Functional imaging in patients with schizophrenia has reported reduced activation of prefrontal cortex on BX trials relative to healthy controls (MacDonald et al., 2005). In monkeys, prefrontal neuronal responses in the DPX task are strongly biased toward B-cues that require countermanding the habitual (target) response to the X-probe (Blackman et al., 2016). Prefrontal neuronal responses are also augmented following Y-probes that countermand the habitual target response to preceding A-cues (Blackman et al., 2016). At the behavioral level, the elevated BX error rate evident both in patients with schizophrenia and monkeys given NMDAR antagonists could reflect a basic defect in working memory, and working memory deficits in schizophrenia have been extensively documented (Barch and Ceaser, 2012; Goldman-Rakic, 1999; Schwarz et al., 2016). However, the evidence from neural recording in monkeys suggests that prefrontal working memory functions are particularly engaged when the contents of working memory countermand habitual responses (suggesting a specific involvement in cognitive control).

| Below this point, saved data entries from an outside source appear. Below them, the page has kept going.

(* Let $Q\in\mathbb{R}^{n\times n}$ be symmetric nonsingular with eigenvalues $\lambda_1\ge\dots\ge\lambda_{n-1}>0>\lambda_n$ and orthonormal eigenvectors $u_1,\dots,u_n$ ($Qu_i=\lambda_iu_i$), let $\mathcal{C_L}=\{x: x^TQx\le0,\ x^TQu_n\le0\}$, and let $A\in\mathbb{R}^{n\times n}$. Then $\mathcal{C_L}$ is an invariant set for the discrete system $x_{k+1}=Ax_k$ (i.e., $A\mathcal{C_L}\subseteq\mathcal{C_L}$) if and only if there exists $\mu\ge0$ such that $$A^TQA-\mu Q\preceq0,\qquad u_n^TAu_n\ge0,\qquad u_n^TAQ^{-1}A^Tu_n\le0.$$ The same conditions characterize invariance of $-\mathcal{C_L}$.
   Context: $\preceq0$ denotes negative semidefiniteness. *)

(* Real numbers are modelled by an arbitrary real closed field. *)
From HB Require Import structures.
From mathcomp Require Import all_boot all_order all_algebra.
Set Implicit Arguments. Unset Strict Implicit. Unset Printing Implicit Defensive.
Import Order.TTheory GRing.Theory Num.Theory.
Local Open Scope ring_scope.

Definition bilin (R : rcfType) (n : nat) (x : 'cV[R]_n) (M : 'M[R]_n) (y : 'cV[R]_n) : R :=
  (x^T *m M *m y) 0 0.

Definition nsd (R : rcfType) (n : nat) (M : 'M[R]_n) : Prop :=
  M^T = M /\ forall x : 'cV[R]_n, bilin x M x <= 0.

Definition CL (R : rcfType) (n : nat) (Q : 'M[R]_n) (un : 'cV[R]_n) (x : 'cV[R]_n) : Prop :=
  bilin x Q x <= 0 /\ bilin x Q un <= 0.

Definition negCL (R : rcfType) (n : nat) (Q : 'M[R]_n) (un : 'cV[R]_n) (x : 'cV[R]_n) : Prop :=
  CL Q un (- x).

Definition invariant_set (R : rcfType) (n : nat) (S : 'cV[R]_n -> Prop) (A : 'M[R]_n) : Prop :=
  forall x, S x -> S (A *m x).

From HB Require Import structures.
From mathcomp Require Import all_boot all_order all_algebra.
From mathcomp Require Import spectral sesquilinear.
From mathcomp.real_closed Require Import complex polyrcf.
From mathcomp Require Import ring lra.
From Stdlib Require Classical_Prop.
Import Order.TTheory GRing.Theory Num.Theory.
Set Implicit Arguments. Unset Strict Implicit. Unset Printing Implicit Defensive.
Local Open Scope ring_scope.

(* Whitening by the orthonormal eigenbasis of [Q] turns [x^T Q x] into the
   Lorentz form [|z|^2 - 2 z_n^2] and [C_L] into one nappe of the Lorentz cone.
   Invariance of [C_L] then splits into two facts.
   - [A] maps the double cone [x^T Q x <= 0] into itself; by the S-lemma for the
     Lorentz form this is [A^T Q A - mu Q <= 0] for some [mu >= 0].
   - [A] does not swap the two nappes: [u_n] lies in [C_L], whence
     [u_n^T A u_n >= 0]; and as the cone is self-dual, [A^T u_n] pairing
     nonnegatively with [C_L] means that [Q^-1 A^T u_n] lies in the cone,
     i.e. [u_n^T A Q^-1 A^T u_n <= 0].
   The S-lemma is a Schur complement argument: with [rho] the top eigenvalue of
   [M] compressed to [e^perp], for [mu > rho] the minimum of [mu q - x^T M x]
   over [x_n = 1] is attained at an explicit point [ymin mu].  Either the
   intermediate value theorem puts some [ymin mu] on the cone, where the
   hypothesis gives the sign, or letting [mu] decrease to [rho] shows that
   [mu = rho] works.  Since [x |-> -x] exchanges [C_L] and [-C_L] and commutes
   with [A], the same conditions characterize the invariance of [-C_L]. *)

Section Dot.
Variable R : realDomainType.

Definition dot n (a b : 'cV[R]_n) : R := (a^T *m b) 0 0.

Lemma dotE n (a b : 'cV[R]_n) : dot a b = \sum_i a i 0 * b i 0.
Proof. by rewrite /dot mxE; apply: eq_bigr => i _; rewrite mxE. Qed.

Lemma dot_mx1 n (a b : 'cV[R]_n) : a^T *m b = (dot a b)%:M.
Proof. by apply/matrixP => i j; rewrite (ord1 i) (ord1 j) [RHS]mxE eqxx mulr1n. Qed.

Lemma dotC n (a b : 'cV[R]_n) : dot a b = dot b a.
Proof. by rewrite !dotE; apply: eq_bigr => i _; rewrite mulrC. Qed.

Lemma dotDl n (a b c : 'cV[R]_n) : dot (a + b) c = dot a c + dot b c.
Proof. by rewrite !dotE -big_split; apply: eq_bigr => i _; rewrite mxE mulrDl. Qed.

Lemma dotDr n (a b c : 'cV[R]_n) : dot c (a + b) = dot c a + dot c b.
Proof. by rewrite ![dot c _]dotC dotDl. Qed.

Lemma dotZl n k (a c : 'cV[R]_n) : dot (k *: a) c = k * dot a c.
Proof. by rewrite !dotE mulr_sumr; apply: eq_bigr => i _; rewrite mxE mulrA. Qed.

Lemma dotZr n k (a c : 'cV[R]_n) : dot c (k *: a) = k * dot c a.
Proof. by rewrite ![dot c _]dotC dotZl. Qed.

Lemma dotNl n (a c : 'cV[R]_n) : dot (- a) c = - dot a c.
Proof. by rewrite -scaleN1r dotZl mulN1r. Qed.

Lemma dotNr n (a c : 'cV[R]_n) : dot c (- a) = - dot c a.
Proof. by rewrite ![dot c _]dotC dotNl. Qed.

Lemma dotBl n (a b c : 'cV[R]_n) : dot (a - b) c = dot a c - dot b c.
Proof. by rewrite dotDl dotNl. Qed.

Lemma dotBr n (a b c : 'cV[R]_n) : dot c (a - b) = dot c a - dot c b.
Proof. by rewrite dotDr dotNr. Qed.

Lemma dot0l n (c : 'cV[R]_n) : dot 0 c = 0.
Proof. by rewrite dotE big1 // => i _; rewrite mxE mul0r. Qed.

Lemma dot0r n (c : 'cV[R]_n) : dot c 0 = 0.
Proof. by rewrite dotC dot0l. Qed.

Lemma dot_suml n (I : finType) (F : I -> 'cV[R]_n) x :
  dot (\sum_i F i) x = \sum_i dot (F i) x.
Proof.
rewrite dotE (eq_bigr (fun j => \sum_i F i j 0 * x j 0)); last first.
  by move=> j _; rewrite summxE mulr_suml.
by rewrite exchange_big /=; apply: eq_bigr => i _; rewrite dotE.
Qed.

Lemma dot_sumr n (I : finType) (F : I -> 'cV[R]_n) x :
  dot x (\sum_i F i) = \sum_i dot x (F i).
Proof. by rewrite dotC dot_suml; apply: eq_bigr => i _; rewrite dotC. Qed.

Lemma dot_delta n (i : 'I_n) (z : 'cV[R]_n) : dot (delta_mx i 0) z = z i 0.
Proof.
rewrite dotE (bigD1 i) //= big1 ?addr0 => [|j /negPf ji]; first by rewrite mxE !eqxx mul1r.
by rewrite mxE ji mul0r.
Qed.

Lemma dot_mulmxr n (a b : 'cV[R]_n) (M : 'M[R]_n) : dot a (M *m b) = dot (M^T *m a) b.
Proof. by rewrite /dot trmx_mul trmxK mulmxA. Qed.

Lemma dot_sym_mulmx n (a b : 'cV[R]_n) (M : 'M[R]_n) :
  M^T = M -> dot a (M *m b) = dot b (M *m a).
Proof. by move=> MT; rewrite dot_mulmxr MT dotC. Qed.

Lemma dot_ge0 n (a : 'cV[R]_n) : 0 <= dot a a.
Proof. by rewrite dotE sumr_ge0 // => i _; rewrite -expr2 sqr_ge0. Qed.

Blocking NMDAR Reduces Synchronous Spiking in Prefrontal Ensembles

We first evaluated the effect of reducing NMDAR synaptic function on the temporal dynamics of spiking between neurons in prefrontal ensembles by computing cross-correlation histograms (CCHs) to quantify the distribution of intervals between spikes in simultaneously recorded neurons (Perkel et al., 1967). CCHs for many individual neuron pairs exhibited a prominent peak at 0-lag (±1 ms; Figure 2A), and in the population, average CCH 0-lag spiking was the dominant pattern (Figure 2C). (Figure S2 provides the distribution of raw synchronous spike rates across all neuron pairs; Figure S3 illustrates the relationship between mean firing rate and synchronous spike rate across all neuron pairs.) To determine whether the 0-lag peak was significant in each neuron pair, we generated a bootstrap distribution of 100 CCHs after randomly jittering the time of each spike within a ±30-ms window. This removed precise spike timing relationships but maintained slower overall fluctuations in mean firing rate. We considered 0-lag peaks significant if they exceeded the 99th percentile of the bootstrap distribution of 0-lag peaks computed from the spike-jittered data.

Figure 2. Influence of NMDAR Antagonist on Spike Synchrony in Prefrontal Cortex.

Figure 2.

Results of cross-correlation analysis applied to the spike trains of pairs of simultaneously recorded prefrontal neurons. Experimental condition is indicated by color (B-E): drug-naive (black), saline (blue), and drug (red).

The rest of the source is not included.